Florida jury awards $23 billion punitive damages against RJ Reynolds
ORLANDO Fla. (Reuters) - A Florida jury has awarded the widow of a chain smoker who died of lung cancer punitive damages of more than $23 billion in her lawsuit against the R.J. Reynolds Tobacco Company, the nation's second-biggest cigarette maker.
The judgment, returned on Friday night, was the largest in Florida history in a wrongful death lawsuit filed by a single plaintiff, according to Ryan Julison, a spokesman for the woman's lawyer, Chris Chestnut.
Cynthia Robinson of Florida Panhandle city of Pensacola sued the cigarette maker in 2008 over the death of her husband, Michael Johnson.

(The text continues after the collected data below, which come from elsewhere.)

Lemma uniformly_displacing_small_times : metric_open d (Sing phi) ->
  exists h0, 0 < h0 /\ forall h, 0 < h <= h0 -> exists al, 0 < al /\ uniformly_displacing h al.
Proof.
  intros Hop.
  set (P := fun x rho hx => forall h, 0 < h <= hx -> exists al, 0 < al /\
    forall w, d x w < rho -> forall r, h <= r <= 3 * h -> al <= d w (phi r w)).
  destruct (pos_choice (fun x rho => ~ Sing phi x -> exists hx, 0 < hx /\ P x rho hx))
    as [rho Hrho].
  { intros x. destruct (classic (Sing phi x)) as [S|S]; [exists 1; split; [lra | tauto] |].
    destruct (locally_displacing x S) as [r [Hr Hr']]. now exists r. }
  destruct (pos_choice (fun x hx => ~ Sing phi x -> P x (rho x) hx)) as [hx Hhx].
  { intros x. destruct (classic (Sing phi x)) as [S|S]; [exists 1; split; [lra | tauto] |].
    destruct (proj2 (Hrho x) S) as [r [Hr Hr']]. now exists r. }
  destruct (finite_ball_cover (Sing phi) rho) as [l [Hl1 Hl2]]; auto.
  { intros x _. apply Hrho. }
  destruct (finite_min_pos (fun x m => m <= hx x) l) as [h0 [Hh0 Hh0l]].
  { intros; lra. } { intros x _. exists (hx x). split; [apply Hhx | lra]. }
  exists h0. split; [exact Hh0 |]. intros h Hh.
  destruct (finite_min_pos (fun x m => forall w, d x w < rho x ->
    forall r, h <= r <= 3 * h -> m <= d w (phi r w)) l) as [al [Hal Hall]].
  { intros x m m' Hm H w Hw r Hr. specialize (H w Hw r Hr). lra. }
  { intros x Hx. apply (proj2 (Hhx x) (Hl1 x Hx)). specialize (Hh0l x Hx). lra. }
  exists al. split; [exact Hal |].
  assert (Hpos : forall z, ~ Sing phi z -> forall r, h <= r <= 3 * h -> al <= d z (phi r z)).
  { intros z Hz r Hr. destruct (Hl2 z) as [S|[x [Hx Hxz]]]; [contradiction |].
    apply (Hall x Hx z Hxz r Hr). }
  intros z Hz r Hr. destruct (Rle_or_lt 0 r) as [H0|H0].
  - rewrite Rabs_right in Hr by lra. now apply Hpos.
  - rewrite Rabs_left in Hr by lra.
    pose proof (Hpos (phi r z) (phi_nonsing r z Hz) (- r) Hr) as H.
    now rewrite phi_opp, d_sym in H.
Qed.

Definition shadows (del : R) (x y : X) (s : R -> R) : Prop :=
  forall t, d (phi t x) (phi (s t) y) <= del.

Lemma shadows_le del del' x y s : del <= del' -> shadows del x y s -> shadows del' x y s.
Proof. intros Hle H t. specialize (H t). lra. Qed.

Lemma shadows_orbit_dist del x y s : shadows del x y s -> forall t t',
  d (phi (s t) y) (phi (s t') y) <= 2 * del + d (phi t x) (phi t' x) /\
  d (phi t x) (phi t' x) <= 2 * del + d (phi (s t) y) (phi (s t') y).
Proof.
  intros Hsh t t'. pose proof (Hsh t). pose proof (Hsh t').
  pose proof (d_triangle (phi (s t) y) (phi t x) (phi (s t') y)).
  pose proof (d_triangle (phi t x) (phi t' x) (phi (s t') y)).
  pose proof (d_triangle (phi t x) (phi (s t) y) (phi t' x)).
  pose proof (d_triangle (phi (s t) y) (phi (s t') y) (phi t' x)).
  pose proof (d_sym (phi (s t) y) (phi t x)). pose proof (d_sym (phi t' x) (phi (s t') y)).
  split; lra.
Qed.

Lemma shadowing_slow h al : 0 < h -> 0 < al -> uniformly_displacing h al ->
  exists u0, 0 < u0 <= h /\ forall x y s, ~ Sing phi y -> continuity s ->
  shadows (al / 4) x y s -> slow_on h u0 s.
Proof.
  intros Hh Hal Hdisp. destruct (phi_small_time (al / 3)) as [b [Hb Hsmall]]; [lra |].
  exists (Rmin (b / 2) h). split; [split; [apply Rmin_glb_lt; lra | apply Rmin_r] |].
  intros x y s Hy Hs Hsh t u Hu. pose proof (Rmin_l (b / 2) h).
  apply (Rabs_lt_of_gap (fun u => s (t + u) - s t) h (3 * h) 0 u).
  - now apply continuity_increment.
  - lra.
  - rewrite Rplus_0_r, Rminus_diag, Rabs_R0. lra.
  - intros tau Htau Hgap. rewrite Rmin_left, Rmax_right in Htau by lra.
    pose proof (Hdisp (phi (s t) y) (phi_nonsing _ _ Hy) _ Hgap) as H1.
    rewrite <- phi_shift in H1.
    pose proof (proj1 (shadows_orbit_dist _ _ _ _ Hsh t (t + tau))) as H2.
    assert (H3 : d (phi t x) (phi (t + tau) x) < al / 3).
    { rewrite (phi_shift t (t + tau) x).
      apply Hsmall; [rewrite d_refl | rewrite Rabs_right]; lra. }
    lra.
Qed.

Lemma shadowing_displaces u0 al : 0 < u0 -> 0 < al -> uniformly_displacing (u0 / 3) al ->
  exists b, 0 < b /\ forall x y s, ~ Sing phi x -> shadows (al / 4) x y s ->
  forall t, b <= Rabs (s (t + u0) - s t).
Proof.
  intros Hu0 Hal Hdisp. destruct (phi_small_time (al / 3)) as [b [Hb Hsmall]]; [lra |].
  exists b. split; [exact Hb |]. intros x y s Hx Hsh t.
  destruct (Rle_or_lt b (Rabs (s (t + u0) - s t))) as [L|L]; [exact L | exfalso].
  assert (H1 : d (phi (s t) y) (phi (s (t + u0)) y) < al / 3).
  { rewrite (phi_shift (s t) (s (t + u0)) y). apply Hsmall; [rewrite d_refl |]; lra. }
  pose proof (proj2 (shadows_orbit_dist _ _ _ _ Hsh t (t + u0))) as H2.
  assert (H3 : al <= d (phi t x) (phi (t + u0) x)).
  { rewrite (phi_shift t (t + u0) x). replace (t + u0 - t) with u0 by ring.
    apply Hdisp; [now apply phi_nonsing | rewrite Rabs_right; lra]. }
  lra.
Qed.

Lemma shadowing_forward h u0 al : 0 < u0 <= h -> 0 < al -> uniformly_displacing (u0 / 3) al ->
  exists del, 0 < del <= al / 4 /\ forall x y s, ~ Sing phi x -> continuity s ->
  shadows del x y s -> slow_on h u0 s -> forall t, 0 <= s (t + u0) - s t.
Proof.
  intros Hu0 Hal Hdisp. destruct (phi_uniform_cont h (al / 3)) as [b [Hb HU]]; [lra |].
  exists (Rmin (al / 4) (b / 2)). split; [split; [apply Rmin_glb_lt; lra | apply Rmin_l] |].
  intros x y s Hx Hs Hsh Hslow t.
  pose proof (Rmin_l (al / 4) (b / 2)). pose proof (Rmin_r (al / 4) (b / 2)).
  destruct (Rle_or_lt 0 (s (t + u0) - s t)) as [|Hneg]; [assumption | exfalso].
  (* If s runs backwards over [t, t + u0], then at some t + u the reparametrized orbit of y
     lags by exactly 2 u0 / 3, so the orbit of x nearly returns after time 2 u0 / 3. *)
  destruct (IVT_between (fun u => u - (s (t + u) - s t)) 0 u0 (2 * u0 / 3)) as [u [Hu Hfu]].
  { apply continuity_minus; [intros ?; apply continuity_pt_id | now apply continuity_increment]. }
  { rewrite Rplus_0_r, Rminus_diag. nra. }
  rewrite Rmin_left, Rmax_right in Hu by lra. simpl in Hfu.
  set (v := s t - s (t + u)).
  assert (Hv : Rabs v <= h). { unfold v. rewrite Rabs_minus_sym. left. apply Hslow. lra. }
  set (p := phi t x). set (q := phi (s t) y).
  assert (Ep : phi (2 * u0 / 3) (phi (- v) p) = phi (t + u) x).
  { unfold p. rewrite <- !phi_add. f_equal. unfold v. lra. }
  assert (Eq : phi (s (t + u)) y = phi (- v) q).
  { unfold q. rewrite <- phi_add. f_equal. unfold v. ring. }
  assert (H1 : d (phi (- v) p) (phi (- v) q) < al / 3).
  { apply HU; [now rewrite Rabs_Ropp | pose proof (Hsh t); unfold p, q; lra]. }
  pose proof (Hsh (t + u)) as H2. rewrite Eq in H2.
  assert (H3 : al <= d (phi (- v) p) (phi (2 * u0 / 3) (phi (- v) p))).
  { apply Hdisp; [unfold p; now apply phi_nonsing, phi_nonsing | rewrite Rabs_right; lra]. }
  rewrite Ep in H3. pose proof (d_triangle (phi (- v) p) (phi (- v) q) (phi (t + u) x)).
  pose proof (d_sym (phi (- v) q) (phi (t + u) x)). lra.
Qed.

Johnson, a hotel shuttle bus driver who died of lung cancer in 1996 at age 36, smoked one to three packs a day for more 20 years, starting at age 13, Chestnut said.
"He couldn't quit. He was smoking the day he died," the lawyer told Reuters on Saturday.
After a four-week trial and 11 hours of jury deliberations, the jury returned a verdict granting the widow $7.3 million and the couple's son $9.6 million in compensatory damages.
The same jury deliberated for another seven hours before deciding to award Robinson the additional sum of $23.6 billion in punitive damages, according to the verdict forms.
Lawyers for the tobacco company, a unit of Reynolds American Inc [RAI.N] whose brands include Camel cigarettes, could not immediately be reached for comment.
But J. Jeffery Raborn, vice president and assistant general counsel for R.J. Reynolds, said in a statement quoted by the New York Times that the company planned to challenge "this runaway verdict." Such industry appeals are often successful.
Chestnut countered, "This wasn't a runaway jury, it was a courageous one."
Robinson's lawsuit originally was part of a large class-action litigation known as the "Engle case," filed in 1994 against tobacco companies.
A jury in that case returned a verdict in 2000 in favor of the plaintiffs awarding $145 billion in punitive damages, which at the time was the largest such judgment in U.S. history.
That award, however, was tossed out in 2006 by the Florida Supreme Court, which decertified the class, agreeing with a lower court that the group was too disparate and each smoker smoked for different reasons.
But the court said the plaintiffs could file lawsuits individually. Robinson was one of them.
The Florida high court also let stand the jury's findings that cigarettes are defective, dangerous and cause disease, and that Big Tobacco was negligent, meaning those issues did not have to be re-litigated in future lawsuits.